Toss-up between these:

Bloodthirster - awesome, flying capabilities, immortal!
Grey Knights Grandmaster - simply badarse.
Titan princeps - any explanation needed?
Librarian - just for being able to shoot people with lightning from my fingertips :grin:

Or just a simple human on a world like macragge, farming or something; living the peaceful life with a family.


----------



## vaul117 (Dec 8, 2010)

I would probably be dead pretty quickly, ignoring that I would love to be the first loose cannon Necron in the history of ever.


----------



## SGMAlice (Aug 13, 2010)

Librarian or Techmarine

SGMAlice


----------



## captain wood (Dec 4, 2010)

sweet choices


----------



## Master WootWoot (Oct 17, 2010)

A Daemon Prince, immortality is cool. With the Mark of Tzeentch. I want to be able to mutate myself for any situations, and... *They are freaking blue!!*


-WootWoot


----------



## MidnightSun (Feb 10, 2009)

I think that being a Broodlord would be quite cool. With Feeder Tendrils. Failing that, I'd like to be Deathleaper, or something similar. Lictor assassin/Alpha Lictor. Boo!

Midnight


----------



## Ultra111 (Jul 9, 2009)

Yeah, being a daemon prince with MoT, Wings, Warptime and Bolt would be sweet!


----------



## chromedog (Oct 31, 2007)

A smear of fine red mist.

I'm not SM material and Chaos has no pull over me.
I'd be one of the millions of dead guardsmen.


----------



## Kastle (Feb 28, 2010)

You know that Skull you have under your boot, tread, talon, foot, ect.....

that would be me...


----------



## Evil beaver2 (Feb 3, 2009)

I would be a tyrannid ripper since I would die so quickly as a anything else and be eaten. I would be happier that way, just wriggling around eatin' stuff. What a great life.


----------



## dandan1350 (Apr 22, 2010)

adeptus aribite

a hell load of criminals and 1 shotgun = a bloody room


----------



## Chompy Bits (Jun 13, 2010)

Ork warlord, obviously.

If I had to be a human I'd probably want to be a rogue trader.


----------



## Deathscythe4722 (Jul 18, 2010)

If given the chance i'd be a Rogue Trader, because its basically the only human occupation in the entire setting that would allow me to say "screw this, i'm out" whenever shit got too crazy.


----------



## Corporal Chaos (Nov 27, 2007)

Assult Squad Sergant in a Space Marine Chapter. Or a Librarian...I'd like that.


----------



## KjellThorngaard (Oct 4, 2010)

I'd be what I already am. A Xenos hunter. Ordo Xenos Inquisitor, specifically. Or a Death Watch Marine. Hunting aliens makes me happy.
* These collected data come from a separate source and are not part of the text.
(* Let $G=(V,E)$ be an undirected graph (finite or infinite), $\widehat A$ a color class of $G$, and $X$ a partitive set of $G$ with $X\subsetneq\widetilde A$. Then there exists $a\in\widetilde A\setminus X$ such that $(a,x)\in\widehat A$ for every $x\in X$.
   Context: A graph $G=(V,E)$ has vertex set $V$ and edge set $E\subseteq V^2$; it is undirected if $E$ is irreflexive and symmetric. A set $X\subseteq V$ is a partitive set of $G$ if for all $a,b\in X$ and $c\in V\setminus X$: $(a,c)\in E\Leftrightarrow(b,c)\in E$ and $(c,a)\in E\Leftrightarrow(c,b)\in E$. Implication classes: on $E$ define $(a,b)\Gamma(a',b')$ iff either $a=a'$ and $(b,b')\notin E$, or $b=b'$ and $(a,a')\notin E$; the classes of the transitive closure $\Gamma^*$ are the implication classes. For an implication class $A$, $A^{-1}=\{(b,a):(a,b)\in A\}$ and the color class is $\widehat A=A\cup A^{-1}$. $\widetilde A$ denotes the set of vertices spanned by $\widehat A$ (vertices $a$ with $(a,b)\in\widehat A$ for some $b$). *)

From Stdlib Require Import Relations.

Section Graphs.
Context {V : Type}.

Definition undirected (E : V -> V -> Prop) : Prop :=
  (forall a, ~ E a a) /\ (forall a b, E a b -> E b a).

Definition partitive (E : V -> V -> Prop) (X : V -> Prop) : Prop :=
  forall a b c, X a -> X b -> ~ X c ->
    (E a c <-> E b c) /\ (E c a <-> E c b).

Definition Gamma (E : V -> V -> Prop) (p q : V * V) : Prop :=
  E (fst p) (snd p) /\ E (fst q) (snd q) /\
  ((fst p = fst q /\ ~ E (snd p) (snd q)) \/
   (snd p = snd q /\ ~ E (fst p) (fst q))).

(* A is an implication class: an equivalence class of Γ* (on E). *)
Definition implication_class (E : V -> V -> Prop) (A : V * V -> Prop) : Prop :=
  exists e : V * V, E (fst e) (snd e) /\
    forall f, A f <-> (f = e \/ clos_trans (V * V) (Gamma E) e f).

Definition color_class (A : V * V -> Prop) (p : V * V) : Prop :=
  A p \/ A (snd p, fst p).

Definition spanned (A : V * V -> Prop) (a : V) : Prop :=
  exists b, color_class A (a, b).

End Graphs.

From Stdlib Require Import Relations Classical ClassicalEpsilon.

(** The Γ-relation cannot leave the set of edges inside a partitive set X, so
    a colour class spanning a vertex outside X has no edge inside X.  Now fix
    x ∈ X and collapse all of X onto x.  This map preserves the edges that are
    not inside X and reflects all edges (an edge x–x would be a loop), hence
    it maps Γ-steps between such edges to Γ-steps.  As Â contains an edge at x
    that the collapse fixes, the collapse maps the implication class A into
    itself and sends any edge (a, x₀) ∈ Â with x₀ ∈ X to (a, x) ∈ Â. *)

Local Notation Gamma_rt E := (clos_refl_trans _ (Gamma E)).

Lemma color_class_swap {V : Type} (A : V * V -> Prop) (a b : V) :
  color_class A (a, b) -> color_class A (b, a).
Proof. unfold color_class; simpl; tauto. Qed.

Section ImplicationClass.
Context {V : Type} (E : V -> V -> Prop).
Hypothesis E_sym : forall a b, E a b -> E b a.

Lemma Gamma_sym p q : Gamma E p q -> Gamma E q p.
Proof.
  destruct p as [a b], q as [c d]; unfold Gamma; simpl.
  intros [Hab [Hcd [[-> Hbd] | [-> Hac]]]]; repeat split; auto;
    [left | right]; split; auto.
Qed.

Lemma Gamma_rt_sym p q : Gamma_rt E p q -> Gamma_rt E q p.
Proof.
  induction 1.
  - apply rt_step, Gamma_sym; assumption.
  - apply rt_refl.
  - eapply rt_trans; eassumption.
Qed.

Variable A : V * V -> Prop.
Hypothesis A_class : implication_class E A.

Lemma implication_class_Gamma_closed p q : A p -> Gamma E p q -> A q.
Proof.
  destruct A_class as [e [_ HA]]; rewrite !HA.
  intros [-> | Hep] Hpq; right.
  - apply t_step; assumption.
  - eapply t_trans; [eassumption | apply t_step; assumption].
Qed.

Lemma implication_class_connected p q : A p -> A q -> Gamma_rt E p q.
Proof.
  destruct A_class as [e [_ HA]].
  assert (from_e : forall f, A f -> Gamma_rt E e f).
  { intros f; rewrite HA; intros [-> | Hef]; [apply rt_refl | apply clos_t_clos_rt; assumption]. }
  intros Ap Aq; apply rt_trans with e; [apply Gamma_rt_sym |]; auto.
Qed.

End ImplicationClass.

Section Partitive.
Context {V : Type} (E : V -> V -> Prop) (X : V -> Prop).
Hypotheses (E_irrefl : forall a, ~ E a a) (E_sym : forall a b, E a b -> E b a).
Hypothesis X_partitive : partitive E X.

Definition within (p : V * V) : Prop := X (fst p) /\ X (snd p).

Lemma partitive_edge_out a b c : X a -> X b -> ~ X c -> E a c -> E b c.
Proof. intros Xa Xb Xc; apply (X_partitive a b c Xa Xb Xc). Qed.

Lemma partitive_edge_in a b c : X a -> X b -> ~ X c -> E c a -> E c b.
Proof. intros Xa Xb Xc; apply (X_partitive a b c Xa Xb Xc). Qed.

Lemma Gamma_within p q : Gamma E p q -> within p -> within q.
Proof.
  destruct p as [a b], q as [c d]; unfold Gamma, within; simpl.
  intros [_ [Hcd [[<- Hbd] | [<- Hac]]]] [Xa Xb]; split; trivial;
    apply NNPP; intro Nout.
  - exact (Hbd (partitive_edge_out a b d Xa Xb Nout Hcd)).
  - exact (Hac (E_sym _ _ (partitive_edge_in b a c Xb Xa Nout Hcd))).
Qed.

Lemma Gamma_rt_within p q : Gamma_rt E p q -> within p -> within q.
Proof.
  intros Hpq Wp; induction Hpq using clos_refl_trans_ind_left; eauto using Gamma_within.
Qed.

Lemma implication_class_within (A : V * V -> Prop) p q :
  implication_class E A -> A p -> A q -> within p -> within q.
Proof.
  intros A_class Ap Aq; apply Gamma_rt_within.
  exact (implication_class_connected E E_sym A A_class p q Ap Aq).
Qed.

Lemma color_class_not_within (A : V * V -> Prop) y :
  implication_class E A -> spanned A y -> ~ X y ->
  forall p, color_class A p -> ~ within p.
Proof.
  intros A_class [b Ayb] Xy [a c] Aac [Xa Xc].
  assert (all_within : forall q, A q -> within q).
  { intros q Aq; destruct Aac as [Aac | Aca];
      [apply (implication_class_within A (a, c)) | apply (implication_class_within A (c, a))];
      trivial; split; assumption. }
  destruct Ayb as [Ayb | Aby]; apply Xy; [apply (all_within _ Ayb) | apply (all_within _ Aby)].
Qed.

Variables (x : V) (X_x : X x).

Definition collapse (v : V) : V :=
  if excluded_middle_informative (X v) then x else v.

Definition collapse_pair (p : V * V) : V * V :=
  (collapse (fst p), collapse (snd p)).

Lemma collapse_in v : X v -> collapse v = x.
Proof. unfold collapse; destruct excluded_middle_informative; tauto. Qed.

Lemma collapse_out v : ~ X v -> collapse v = v.
Proof. unfold collapse; destruct excluded_middle_informative; tauto. Qed.

Lemma collapse_reflects_edges u v : E (collapse u) (collapse v) -> E u v.
Proof.
  destruct (classic (X u)) as [Xu | Xu], (classic (X v)) as [Xv | Xv].
  - rewrite !collapse_in by assumption; intro Exx; destruct (E_irrefl x Exx).
  - rewrite collapse_in, collapse_out by assumption.
    apply partitive_edge_out; assumption.
  - rewrite collapse_out, collapse_in by assumption.
    apply partitive_edge_in; assumption.
  - rewrite !collapse_out by assumption; trivial.
Qed.

Lemma collapse_preserves_edges u v :
  E u v -> ~ within (u, v) -> E (collapse u) (collapse v).
Proof.
  unfold within; simpl; intros Euv Nuv.
  destruct (classic (X u)) as [Xu | Xu], (classic (X v)) as [Xv | Xv].
  - tauto.
  - rewrite collapse_in, collapse_out by assumption.
    apply (partitive_edge_out u); assumption.
  - rewrite collapse_out, collapse_in by assumption.
    apply (partitive_edge_in v); assumption.
  - rewrite !collapse_out by assumption; assumption.
Qed.

Lemma Gamma_collapse p q : Gamma E p q -> ~ within p -> ~ within q ->
  Gamma E (collapse_pair p) (collapse_pair q).
Proof.
  destruct p as [a b], q as [c d]; unfold Gamma, collapse_pair; simpl.
  intros [Eab [Ecd Hstep]] Np Nq; split; [|split];
    [apply collapse_preserves_edges; assumption ..|].
  destruct Hstep as [[-> Nbd] | [-> Nac]]; [left | right];
    split; auto using collapse_reflects_edges.
Qed.

Lemma implication_class_collapse (A : V * V -> Prop) g :
  implication_class E A -> (forall p, A p -> ~ within p) ->
  A g -> collapse_pair g = g -> forall f, A f -> A (collapse_pair f).
Proof.
  intros A_class A_outside Ag Hg f Af.
  assert (Hgf := implication_class_connected E E_sym A A_class g f Ag Af).
  enough (A f /\ A (collapse_pair f)) by tauto.
  clear Af; induction Hgf as [| f1 f2 _ [Af1 Acf1] Hf12] using clos_refl_trans_ind_left.
  - rewrite Hg; split; assumption.
  - assert (Gamma_closed := implication_class_Gamma_closed E A A_class).
    split; [exact (Gamma_closed f1 f2 Af1 Hf12) |].
    apply (Gamma_closed _ _ Acf1), Gamma_collapse; [assumption | ..];
      apply A_outside; eauto.
Qed.

Lemma color_class_collapse (A : V * V -> Prop) y :
  implication_class E A -> spanned A y -> ~ X y -> spanned A x ->
  forall f, color_class A f -> color_class A (collapse_pair f).
Proof.
  intros A_class Ay Xy [c Axc].
  assert (A_outside := color_class_not_within A y A_class Ay Xy).
  assert (Xc : ~ X c) by (intro Xc; apply (A_outside _ Axc); split; assumption).
  assert (fixed : exists g, A g /\ collapse_pair g = g).
  { unfold collapse_pair; simpl.
    destruct Axc as [Axc | Acx]; [exists (x, c) | exists (c, x)]; simpl;
      rewrite (collapse_in x X_x), (collapse_out c Xc); split; trivial. }
  destruct fixed as [g [Ag Hg]].
  assert (Hcl := implication_class_collapse A g A_class
                   (fun p Ap => A_outside p (or_introl Ap)) Ag Hg).
  intros f [Af | Af]; [left | right]; exact (Hcl _ Af).
Qed.

End Partitive.

Theorem proposition3p2 (V : Type) (E : V -> V -> Prop) (A : V * V -> Prop)
  (X : V -> Prop) :
  undirected E ->
  implication_class E A ->
  partitive E X ->
  (forall x, X x -> spanned A x) ->
  (exists y, spanned A y /\ ~ X y) ->
  exists a, spanned A a /\ ~ X a /\ forall x, X x -> color_class A (a, x).
Proof.
  intros [E_irrefl E_sym] A_class X_partitive X_spanned [y [Ay Xy]].
  destruct (classic (exists x0, X x0)) as [[x0 X_x0] | X_empty].
  2: { exists y; repeat split; trivial; intros x Xx; exfalso; eauto. }
  destruct (X_spanned x0 X_x0) as [a Ax0a]; apply color_class_swap in Ax0a.
  assert (Xa : ~ X a).
  { intro Xa; apply (color_class_not_within E X E_sym X_partitive A y A_class Ay Xy _ Ax0a).
    split; assumption. }
  exists a; split; [exists x0; assumption | split; [assumption |]].
  intros x Xx.
  generalize (color_class_collapse E X E_irrefl E_sym X_partitive x Xx A y
                A_class Ay Xy (X_spanned x Xx) _ Ax0a); unfold collapse_pair; simpl.
  rewrite (collapse_in X x x0 X_x0), (collapse_out X x a Xa); trivial.
Qed.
Oh, and this forum needs an Inquisitor =I= icon. I'm just sayin'.


----------



## High_Seraph (Aug 28, 2009)

The Supreme Grandmaster of the Dark Angels. I would essentially command a Legion.


----------



## Emet Paladin of Truth (Mar 5, 2010)

I'd probably start off on the eldar wytch path... but then go ranger.

psychic pathfinder FTW!

(that's right... I have conceal. owned. ^^)

Tau, I'd be what I am- fio'la, and climb the ladder.


----------



## captain wood (Dec 4, 2010)

Doelago said:


> A Space Marine? If not that, then I would be an Inquisitor... And if not that, well then I would be an Imperial Priest... Basically anything/anyone that puts all his faith in the holy Emperor... I fight in his name, and no one will stand in His way...


 (may the emperor guide and watch over you and hope he gives you a desent armour save)


----------



## Bane_of_Kings (Oct 28, 2009)

I would be the Emperor himself. And then I'd try and prevent the Horus Heresy using my knowledge of the fluff.


----------



## 8th cadian commissar (Dec 17, 2010)

see my user name for details


----------



## Tyrannus (Sep 19, 2010)

I've just finished reading "The first heretic" and I totally want to be a possessed csm now :biggrin:.


----------



## Pssyche (Mar 21, 2009)

A Bad Bastard


----------



## steamius (Dec 9, 2010)

I would be an inquisitor for sure! That is the only role that suits me best.


----------



## captain wood (Dec 4, 2010)

lol after all of the armies i have seen i still think a chaplain suits me


----------



## C'Tan Chimera (Aug 16, 2008)

Look at my avatar and take a good guess.


----------



## Vanchet (Feb 28, 2008)

Grey knight Grand master


----------



## dspadres (Jan 10, 2011)

Black Templar Marshal with jump pack and a pair of lightning claws.

"I'm sorry, I can't hear you over how FUCKING ANGRY I AM!"

That's pretty much how that would go.


----------



## Ashkore08 (Feb 12, 2011)

Master of the Forge for me! Getting Dibs on all tech the SM's find in a battle, having to deal with pre-heresy tech? hell yeah! And also able to pilot a titan when the defecation hits the ocillation? count me in!

Barring that, The Next Salamanders Vulkan. Friggin laser spears, dragon-scale cloak, and wrist mounted barbecue. Dayum.


----------



## Grokfog (May 4, 2009)

A heretic. Although i'd rather be one of the Sensei... Oh wait, they don't exist


----------



## Sanguine Rain (Feb 12, 2010)

Incubi...can i has my klaive plox?:biggrin:


----------



## Djinn24 (Jan 12, 2008)

Eldar Farseer


----------



## steamius (Dec 9, 2010)

inqusitor. just sit and give commands.


----------



## Gluttoniser (Aug 14, 2010)

A Chaos God


----------



## Luisjoey (Dec 3, 2010)

I would be happy being a Chaplain for the black templars.


----------



## LukeValantine (Dec 2, 2008)

Dead?........


----------



## Karnax (Sep 23, 2010)

A c'tan. Can walk through walls, smash through walls, take on a titan in combat, can drain stars of energy, pretty much invulnerable.... what's not to like? Also, why are people choosing princeps? I thought they were the ones that ordered everyone else on the titan about, in which case it would be a lot cooler IMO to be the moderati primus (I think), as he is the guy who actually controls the titan.


----------



## Geist (Mar 9, 2010)

Valkyrie Pilot. I don't know why, but the idea of dropping troops and risking my neck to extract a group of guardsman or an Inquisitorial Agent is very appealing. Probably why I played all of those flight and Helicopter simulators.


----------



## aboytervigon (Jul 6, 2010)

Chaos cultist If i can't really pick but if I can Emperor post heresy I get to sit on the golden toilet all day and people worship me.


----------



## Karak The Unfaithful (Feb 13, 2011)

A Bloodthrister of Khorne!
I could just causally destroy a entire squad with the slight flick of my axe...


----------